Volamos desde hace tres horas sobre el Mato Grosso, una selva verde y compacta. El pequeño Cessna 108 ronca bajo las nubes negras, las últimas de la estación de lluvias, que este año resultó más larga que de costumbre. Raúl, el piloto, consulta el mapa: nos encontramos a unos setecientos kilómetros al norte de Cuiabá, capital del estado. "Un poco más, y llegaremos", advierte Raúl.
Ya estamos allí: en plena selva, entre los ríos Juruena y Juina. Es la zona de los indios nhambiquara, una de las pocas tribus que sobrevivieron a los estragos sistemáticos perpetrados por los blancos; y que continúan aún hoy con una ferocidad superior a la de cualquier guerra. Es un genocidio a nivel industrial: la llamada "desinfección de indios",
Aquí, en la selva que sobrevuelo con mi Cessna, vivían también los tapaiuna y los pataxo. Pero estos hombres, vivos hasta ayer, han desaparecido totalmente. Tal vez, en algún lugar, alguien escriba en un libro de etnología: tapaiuna y pataxo, razas extinguidas del Mato Grosso. En realidad, fueron exterminadas. A los tapaiuna les regalaron varios cajones de azúcar. En los años, meses y días pasados, los blancos "civilizados" continuaron llevando estos cajones, dejándolos en los claros de la selva. Los indios, en un primer momento recelosos, se acercaron luego a los cajones y los abrieron...
Dentro del azúcar estaba el arsénico. Los tapaiuna desaparecieron así. Toda una raza envenenada. Después envenenaron a los pataxo, enviando en gira a falsos médicos que aplicaban "inyecciones": una o dos inyecciones para cada pataxo. Y dentro de las jeringas hipodérmicas pululaban gérmenes mortíferos de viruela.
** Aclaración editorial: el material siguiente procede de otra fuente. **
(* Let $A$ be a non-empty set and $\theta\subseteq\mathbb{M}_A^2$ a congruence on the free magma $\mathbb{M}_A$. The following are equivalent: (1) $\mathbb{M}_A/\theta$ is equidecomposable; (2) $\theta$ is closed; (3) $\mathcal{G}(\theta)\subseteq (A\times\mathbb{M}_A)\cup(\mathbb{M}_A\times A)$.
   Context: $\mathbb{M}_A$ is the free magma on $A$ (non-associative words over $A$ with $x+y=(x,y)$). $\mathbb{M}_A^2$ has the componentwise operation. A congruence on a magma $M$ is an equivalence relation on $M$ that is a submagma of $M^2$. A magma is equidecomposable if $x+y=x'+y'$ implies $x=x'$ and $y=y'$. A subset $X$ of a magma is closed if $u+v\in X$ implies $u,v\in X$; here $\theta$ is closed as a subset of $\mathbb{M}_A^2$. For a submagma $S$ of $\mathbb{M}_A^2$, $\mathcal{G}(S)$ is the set of elements of $S$ that cannot be written as $u+v$ with $u,v\in S$ (its unique minimal generating set). *)

(** The free magma M_A on A: non-associative words (binary trees with leaves in A);
    the operation is x + y = (x, y) = Node x y. *)
Inductive fmagma (A : Type) : Type :=
| Leaf : A -> fmagma A
| Node : fmagma A -> fmagma A -> fmagma A.
Arguments Leaf {A} _.
Arguments Node {A} _ _.

Definition pair_op {A : Type} (u v : fmagma A * fmagma A) : fmagma A * fmagma A :=
  (Node (fst u) (fst v), Node (snd u) (snd v)).

Definition rel2 (A : Type) := fmagma A * fmagma A -> Prop.

Definition submagma2 {A : Type} (S : rel2 A) : Prop :=
  forall u v, S u -> S v -> S (pair_op u v).

Definition congruence {A : Type} (theta : rel2 A) : Prop :=
  (forall x, theta (x, x)) /\
  (forall x y, theta (x, y) -> theta (y, x)) /\
  (forall x y z, theta (x, y) -> theta (y, z) -> theta (x, z)) /\
  submagma2 theta.

(** Equidecomposability of the quotient magma M_A/theta, written out on
    representatives: the class operation is [x]+[y] = [x+y] and equality of
    classes is theta, so "[x]+[y] = [x']+[y'] implies [x]=[x'] and [y]=[y']"
    unfolds to the following. *)
Definition quotient_equidecomposable {A : Type} (theta : rel2 A) : Prop :=
  forall x y x' y', theta (Node x y, Node x' y') -> theta (x, x') /\ theta (y, y').

Definition closed2 {A : Type} (X : rel2 A) : Prop :=
  forall u v, X (pair_op u v) -> X u /\ X v.

Definition gens {A : Type} (S : rel2 A) : rel2 A :=
  fun p => S p /\ ~ (exists u v, S u /\ S v /\ p = pair_op u v).

Definition is_leaf {A : Type} (x : fmagma A) : Prop := exists a, x = Leaf a.

Definition leaf_pairs {A : Type} : rel2 A :=
  fun p => is_leaf (fst p) \/ is_leaf (snd p).

(* The operation of M_A^2 is injective, so an element u + v of a subset X can
   be written as a sum in only one way.  Hence u + v fails to be a generator of
   X exactly when both summands lie in X, and closedness says precisely that no
   sum is a generator; the sums are the pairs with no leaf component.
   Equidecomposability of M_A/theta is closedness of theta read on
   representatives. *)

From Stdlib Require Import Classical.

Lemma pair_op_inj {A : Type} (u v u' v' : fmagma A * fmagma A) :
  pair_op u v = pair_op u' v' -> u = u' /\ v = v'.
Proof.
  destruct u, v, u', v'; unfold pair_op; simpl.
  intros H; injection H; intros; subst; auto.
Qed.

Lemma not_leaf_pairs_pair_op {A : Type} (u v : fmagma A * fmagma A) :
  ~ leaf_pairs (pair_op u v).
Proof.
  intros [[a Ha] | [a Ha]]; discriminate.
Qed.

Lemma leaf_pairs_or_pair_op {A : Type} (p : fmagma A * fmagma A) :
  leaf_pairs p \/ exists u v, p = pair_op u v.
Proof.
  destruct p as [[a | x1 x2] [b | y1 y2]];
    try (left; left; exists a; reflexivity);
    try (left; right; exists b; reflexivity).
  right; exists (x1, y1), (x2, y2); reflexivity.
Qed.

Lemma gens_pair_op {A : Type} (X : rel2 A) (u v : fmagma A * fmagma A) :
  X (pair_op u v) -> gens X (pair_op u v) <-> ~ (X u /\ X v).
Proof.
  intros Huv; split.
  - intros [_ Hnot] [Hu Hv]; apply Hnot; exists u, v; auto.
  - intros Hnot; split; [exact Huv |].
    intros (u' & v' & Hu' & Hv' & Heq).
    destruct (pair_op_inj _ _ _ _ Heq) as [<- <-]; auto.
Qed.

Lemma quotient_equidecomposable_iff_closed2 {A : Type} (theta : rel2 A) :
  quotient_equidecomposable theta <-> closed2 theta.
Proof.
  split.
  - intros H [x x'] [y y']; exact (H x y x' y').
  - intros H x y x' y'; exact (H (x, x') (y, y')).
Qed.

Lemma closed2_iff_gens_leaf_pairs {A : Type} (X : rel2 A) :
  closed2 X <-> (forall p, gens X p -> leaf_pairs p).
Proof.
  split.
  - intros Hclosed p Hgen.
    destruct (leaf_pairs_or_pair_op p) as [Hleaf | (u & v & ->)]; [exact Hleaf | exfalso].
    pose proof (proj1 Hgen) as Huv.
    apply (gens_pair_op X u v Huv) in Hgen.
    exact (Hgen (Hclosed u v Huv)).
  - intros Hgens u v Huv.
    apply NNPP; intros Hnot.
    apply (not_leaf_pairs_pair_op u v), Hgens, gens_pair_op; assumption.
Qed.

(* Neither equivalence uses that theta is a congruence, nor that A is nonempty. *)
Theorem theorem6p4 (A : Type) (a0 : A) (theta : rel2 A) :
  congruence theta ->
  (quotient_equidecomposable theta <-> closed2 theta) /\
  (closed2 theta <-> (forall p, gens theta p -> leaf_pairs p)).
Proof.
  intros _; split.
  - apply quotient_equidecomposable_iff_closed2.
  - apply closed2_iff_gens_leaf_pairs.
Qed.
¿Quién distribuyó el azúcar con arsénico a los tapaiuna? ¿Quién inyectó la viruela a los pataxo? Las mismas personas, los mismos grupos que exterminaron a la tribu de los cintas largas. Los cintas largas vivían también en esta misma selva; hasta que un día (y no hace mucho tiempo) en vez de un Cessna los cintas largas vieron desde sus cabañas volar sobre ellos un avión de caza. Y el caza comenzó el ametrallamiento sistemático. Actualmente, también los cintas largas son una raza casi extinguida.
¿Quién, y por qué, destruyó et grueso de estas tribus, cuyos últimos sobrevivientes se esconden en la selva? Mi Cessna está por aterrizar en la zona de los indios nhambiquara. Allí vive un misionero norteamericano, el único que en estos tiempos se mantuvo en contacto con los indios. Desde el avión, Raúl y yo divisamos un claro a nuestra derecha.
Raúl desciende un poco. "Indios" exclama, indicando un descampado en medio del mar de árboles. Damos una vuelta y descendemos aún más. Se distinguen tres o cuatro cabañas distribuidas en semicírculo. Bajamos casi hasta rozar el techo de las chozas con las ruedas del avión. Uno, dos, tres veces. Nadie sale para ver qué pasa. El lugar parece desierto."Deben de estar todos muertos. Si pudiera aterrizar te haría ver los esqueletos dentro de las casas", dice Raúl.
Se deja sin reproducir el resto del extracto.